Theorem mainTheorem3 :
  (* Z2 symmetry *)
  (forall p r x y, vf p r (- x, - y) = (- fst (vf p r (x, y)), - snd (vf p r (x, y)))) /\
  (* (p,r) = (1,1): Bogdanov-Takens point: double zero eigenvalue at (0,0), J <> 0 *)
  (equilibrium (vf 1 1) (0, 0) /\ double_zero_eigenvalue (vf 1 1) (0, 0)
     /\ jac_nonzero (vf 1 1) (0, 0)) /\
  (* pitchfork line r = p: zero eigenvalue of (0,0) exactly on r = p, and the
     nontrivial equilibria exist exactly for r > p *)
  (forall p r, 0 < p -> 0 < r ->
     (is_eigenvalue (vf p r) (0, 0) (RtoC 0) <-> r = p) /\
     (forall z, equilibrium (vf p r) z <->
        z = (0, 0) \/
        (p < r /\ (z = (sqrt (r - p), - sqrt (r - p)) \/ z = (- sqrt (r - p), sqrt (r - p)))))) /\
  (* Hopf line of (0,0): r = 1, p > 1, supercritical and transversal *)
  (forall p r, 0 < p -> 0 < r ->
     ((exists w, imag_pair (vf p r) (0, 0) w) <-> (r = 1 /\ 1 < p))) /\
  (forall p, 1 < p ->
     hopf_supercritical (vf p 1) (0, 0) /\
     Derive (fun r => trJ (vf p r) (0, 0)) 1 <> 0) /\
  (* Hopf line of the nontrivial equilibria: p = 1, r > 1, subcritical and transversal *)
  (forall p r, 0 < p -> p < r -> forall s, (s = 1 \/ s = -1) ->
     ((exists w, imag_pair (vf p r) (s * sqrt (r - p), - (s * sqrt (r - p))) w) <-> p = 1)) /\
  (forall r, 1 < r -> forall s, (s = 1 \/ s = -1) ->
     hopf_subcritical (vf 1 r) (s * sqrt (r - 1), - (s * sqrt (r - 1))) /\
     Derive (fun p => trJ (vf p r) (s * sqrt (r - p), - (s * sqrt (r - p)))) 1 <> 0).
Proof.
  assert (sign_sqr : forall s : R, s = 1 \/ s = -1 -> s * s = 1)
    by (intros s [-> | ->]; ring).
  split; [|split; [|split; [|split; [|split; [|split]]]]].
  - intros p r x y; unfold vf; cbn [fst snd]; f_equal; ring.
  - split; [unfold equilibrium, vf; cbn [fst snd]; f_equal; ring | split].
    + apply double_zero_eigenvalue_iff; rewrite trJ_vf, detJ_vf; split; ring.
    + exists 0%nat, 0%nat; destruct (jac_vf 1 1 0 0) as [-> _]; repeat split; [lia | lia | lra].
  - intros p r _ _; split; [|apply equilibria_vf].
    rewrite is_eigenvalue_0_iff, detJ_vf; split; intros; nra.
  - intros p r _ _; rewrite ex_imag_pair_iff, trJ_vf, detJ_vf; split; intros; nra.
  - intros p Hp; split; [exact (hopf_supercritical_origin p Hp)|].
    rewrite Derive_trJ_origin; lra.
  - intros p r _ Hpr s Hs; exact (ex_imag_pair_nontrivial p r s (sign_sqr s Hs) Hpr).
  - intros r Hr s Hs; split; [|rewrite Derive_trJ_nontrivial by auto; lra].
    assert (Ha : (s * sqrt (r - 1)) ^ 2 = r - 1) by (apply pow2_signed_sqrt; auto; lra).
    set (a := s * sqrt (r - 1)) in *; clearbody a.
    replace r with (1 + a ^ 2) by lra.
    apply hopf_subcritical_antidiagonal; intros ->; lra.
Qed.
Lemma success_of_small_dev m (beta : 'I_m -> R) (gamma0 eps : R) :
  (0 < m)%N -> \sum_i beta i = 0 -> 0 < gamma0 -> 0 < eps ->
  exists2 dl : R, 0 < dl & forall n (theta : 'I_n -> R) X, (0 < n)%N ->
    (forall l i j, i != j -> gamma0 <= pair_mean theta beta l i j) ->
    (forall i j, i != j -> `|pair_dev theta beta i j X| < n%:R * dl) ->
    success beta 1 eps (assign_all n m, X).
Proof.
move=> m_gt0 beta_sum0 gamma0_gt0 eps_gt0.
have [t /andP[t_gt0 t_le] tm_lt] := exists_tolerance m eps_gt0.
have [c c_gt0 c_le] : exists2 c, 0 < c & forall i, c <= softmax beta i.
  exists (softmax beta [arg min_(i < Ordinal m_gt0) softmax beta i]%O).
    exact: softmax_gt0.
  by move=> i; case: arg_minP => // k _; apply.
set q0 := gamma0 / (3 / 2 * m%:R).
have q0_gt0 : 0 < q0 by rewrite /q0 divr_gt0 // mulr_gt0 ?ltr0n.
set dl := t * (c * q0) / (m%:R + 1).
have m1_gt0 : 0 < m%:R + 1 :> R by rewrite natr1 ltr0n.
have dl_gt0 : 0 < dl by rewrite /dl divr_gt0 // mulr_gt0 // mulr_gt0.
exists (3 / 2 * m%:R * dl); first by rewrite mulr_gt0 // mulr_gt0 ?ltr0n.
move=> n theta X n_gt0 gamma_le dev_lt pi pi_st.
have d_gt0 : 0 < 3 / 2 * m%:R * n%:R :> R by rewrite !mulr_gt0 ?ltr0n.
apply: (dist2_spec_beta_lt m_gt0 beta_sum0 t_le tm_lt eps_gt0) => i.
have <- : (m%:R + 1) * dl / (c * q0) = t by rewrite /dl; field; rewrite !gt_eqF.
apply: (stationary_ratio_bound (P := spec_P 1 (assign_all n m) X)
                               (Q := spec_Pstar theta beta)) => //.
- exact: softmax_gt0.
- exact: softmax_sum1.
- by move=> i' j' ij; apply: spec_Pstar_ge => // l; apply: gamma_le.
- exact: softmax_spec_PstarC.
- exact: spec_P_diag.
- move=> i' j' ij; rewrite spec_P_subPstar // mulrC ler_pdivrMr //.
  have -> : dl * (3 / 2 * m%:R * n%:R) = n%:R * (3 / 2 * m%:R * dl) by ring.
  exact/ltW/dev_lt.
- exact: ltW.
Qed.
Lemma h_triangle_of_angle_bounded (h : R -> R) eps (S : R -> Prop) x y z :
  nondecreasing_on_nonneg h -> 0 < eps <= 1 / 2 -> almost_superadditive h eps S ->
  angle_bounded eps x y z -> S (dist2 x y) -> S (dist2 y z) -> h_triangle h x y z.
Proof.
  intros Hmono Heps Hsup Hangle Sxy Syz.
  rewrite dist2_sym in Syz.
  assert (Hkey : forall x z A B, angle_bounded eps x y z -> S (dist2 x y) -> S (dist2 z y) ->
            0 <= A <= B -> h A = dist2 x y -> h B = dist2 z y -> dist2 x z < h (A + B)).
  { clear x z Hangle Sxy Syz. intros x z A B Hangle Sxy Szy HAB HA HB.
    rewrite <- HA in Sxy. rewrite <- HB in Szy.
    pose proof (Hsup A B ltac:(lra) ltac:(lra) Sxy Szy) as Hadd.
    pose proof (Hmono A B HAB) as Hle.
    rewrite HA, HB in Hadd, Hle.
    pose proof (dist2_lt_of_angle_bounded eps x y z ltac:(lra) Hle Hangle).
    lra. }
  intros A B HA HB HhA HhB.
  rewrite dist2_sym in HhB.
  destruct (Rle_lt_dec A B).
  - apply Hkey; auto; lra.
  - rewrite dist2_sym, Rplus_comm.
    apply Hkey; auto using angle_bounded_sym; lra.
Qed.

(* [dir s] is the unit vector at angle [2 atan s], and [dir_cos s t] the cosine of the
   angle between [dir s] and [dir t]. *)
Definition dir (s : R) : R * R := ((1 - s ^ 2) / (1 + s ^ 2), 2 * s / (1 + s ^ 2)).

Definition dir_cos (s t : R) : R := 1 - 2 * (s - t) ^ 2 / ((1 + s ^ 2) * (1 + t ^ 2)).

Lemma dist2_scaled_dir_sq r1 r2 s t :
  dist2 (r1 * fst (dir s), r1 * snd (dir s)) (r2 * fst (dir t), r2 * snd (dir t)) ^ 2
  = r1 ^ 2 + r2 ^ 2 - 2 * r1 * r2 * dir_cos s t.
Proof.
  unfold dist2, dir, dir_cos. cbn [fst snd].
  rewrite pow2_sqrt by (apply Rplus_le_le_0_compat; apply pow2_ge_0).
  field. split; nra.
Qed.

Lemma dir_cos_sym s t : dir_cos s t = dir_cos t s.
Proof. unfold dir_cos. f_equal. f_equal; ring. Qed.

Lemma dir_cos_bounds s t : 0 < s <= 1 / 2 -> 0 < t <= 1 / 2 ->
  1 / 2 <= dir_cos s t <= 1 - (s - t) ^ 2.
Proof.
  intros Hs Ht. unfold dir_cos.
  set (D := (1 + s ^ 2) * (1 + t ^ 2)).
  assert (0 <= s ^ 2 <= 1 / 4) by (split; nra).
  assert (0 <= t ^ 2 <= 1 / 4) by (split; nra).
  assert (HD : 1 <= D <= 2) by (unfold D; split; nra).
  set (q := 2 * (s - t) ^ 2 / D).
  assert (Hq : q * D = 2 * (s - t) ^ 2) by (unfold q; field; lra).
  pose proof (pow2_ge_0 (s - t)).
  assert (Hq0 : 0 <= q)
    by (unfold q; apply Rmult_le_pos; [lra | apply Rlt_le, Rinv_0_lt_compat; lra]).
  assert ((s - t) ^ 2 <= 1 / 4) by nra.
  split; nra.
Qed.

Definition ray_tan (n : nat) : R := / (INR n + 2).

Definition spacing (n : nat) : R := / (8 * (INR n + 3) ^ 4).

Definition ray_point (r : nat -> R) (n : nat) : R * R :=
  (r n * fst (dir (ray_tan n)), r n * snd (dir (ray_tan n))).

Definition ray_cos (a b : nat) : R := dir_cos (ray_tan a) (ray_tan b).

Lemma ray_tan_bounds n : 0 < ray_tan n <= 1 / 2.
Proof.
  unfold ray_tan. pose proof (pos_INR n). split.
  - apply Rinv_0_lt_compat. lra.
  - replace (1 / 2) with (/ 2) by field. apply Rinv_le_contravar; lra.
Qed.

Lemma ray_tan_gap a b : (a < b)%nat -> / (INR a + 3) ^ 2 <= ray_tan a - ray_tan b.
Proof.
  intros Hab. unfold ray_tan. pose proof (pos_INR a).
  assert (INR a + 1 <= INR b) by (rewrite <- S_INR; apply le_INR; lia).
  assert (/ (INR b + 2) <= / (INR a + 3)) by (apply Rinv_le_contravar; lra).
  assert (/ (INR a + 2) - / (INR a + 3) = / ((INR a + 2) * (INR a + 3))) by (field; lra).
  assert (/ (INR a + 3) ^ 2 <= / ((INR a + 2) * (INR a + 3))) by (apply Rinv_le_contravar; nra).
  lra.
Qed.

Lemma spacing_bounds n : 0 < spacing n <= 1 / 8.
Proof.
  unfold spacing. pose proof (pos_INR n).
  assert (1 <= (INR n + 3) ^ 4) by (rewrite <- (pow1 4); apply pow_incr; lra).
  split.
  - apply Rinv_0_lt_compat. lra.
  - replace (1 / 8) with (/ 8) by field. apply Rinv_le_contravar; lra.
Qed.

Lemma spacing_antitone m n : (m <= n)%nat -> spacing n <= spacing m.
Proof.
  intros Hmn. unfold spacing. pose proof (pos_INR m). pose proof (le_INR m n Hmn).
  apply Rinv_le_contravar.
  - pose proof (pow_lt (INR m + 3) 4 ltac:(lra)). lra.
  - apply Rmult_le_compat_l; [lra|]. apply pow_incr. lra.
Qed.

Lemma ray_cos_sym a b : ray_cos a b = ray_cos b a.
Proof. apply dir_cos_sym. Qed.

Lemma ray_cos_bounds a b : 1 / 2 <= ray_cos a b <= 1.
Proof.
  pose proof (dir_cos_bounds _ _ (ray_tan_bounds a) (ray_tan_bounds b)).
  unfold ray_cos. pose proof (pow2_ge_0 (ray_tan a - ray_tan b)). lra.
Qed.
+ + + + +
## WHAT YOU SHOULD DO
Among the entries above, the lines between the ones containing "move=> n theta" and "- by move=>", inclusive, are to be transcribed exactly. No other line is to be given.

## RESPONSE
move=> n theta X n_gt0 gamma_le dev_lt pi pi_st.
have d_gt0 : 0 < 3 / 2 * m%:R * n%:R :> R by rewrite !mulr_gt0 ?ltr0n.
apply: (dist2_spec_beta_lt m_gt0 beta_sum0 t_le tm_lt eps_gt0) => i.
have <- : (m%:R + 1) * dl / (c * q0) = t by rewrite /dl; field; rewrite !gt_eqF.
apply: (stationary_ratio_bound (P := spec_P 1 (assign_all n m) X)
                               (Q := spec_Pstar theta beta)) => //.
- exact: softmax_gt0.
- exact: softmax_sum1.
- by move=> i' j' ij; apply: spec_Pstar_ge => // l; apply: gamma_le.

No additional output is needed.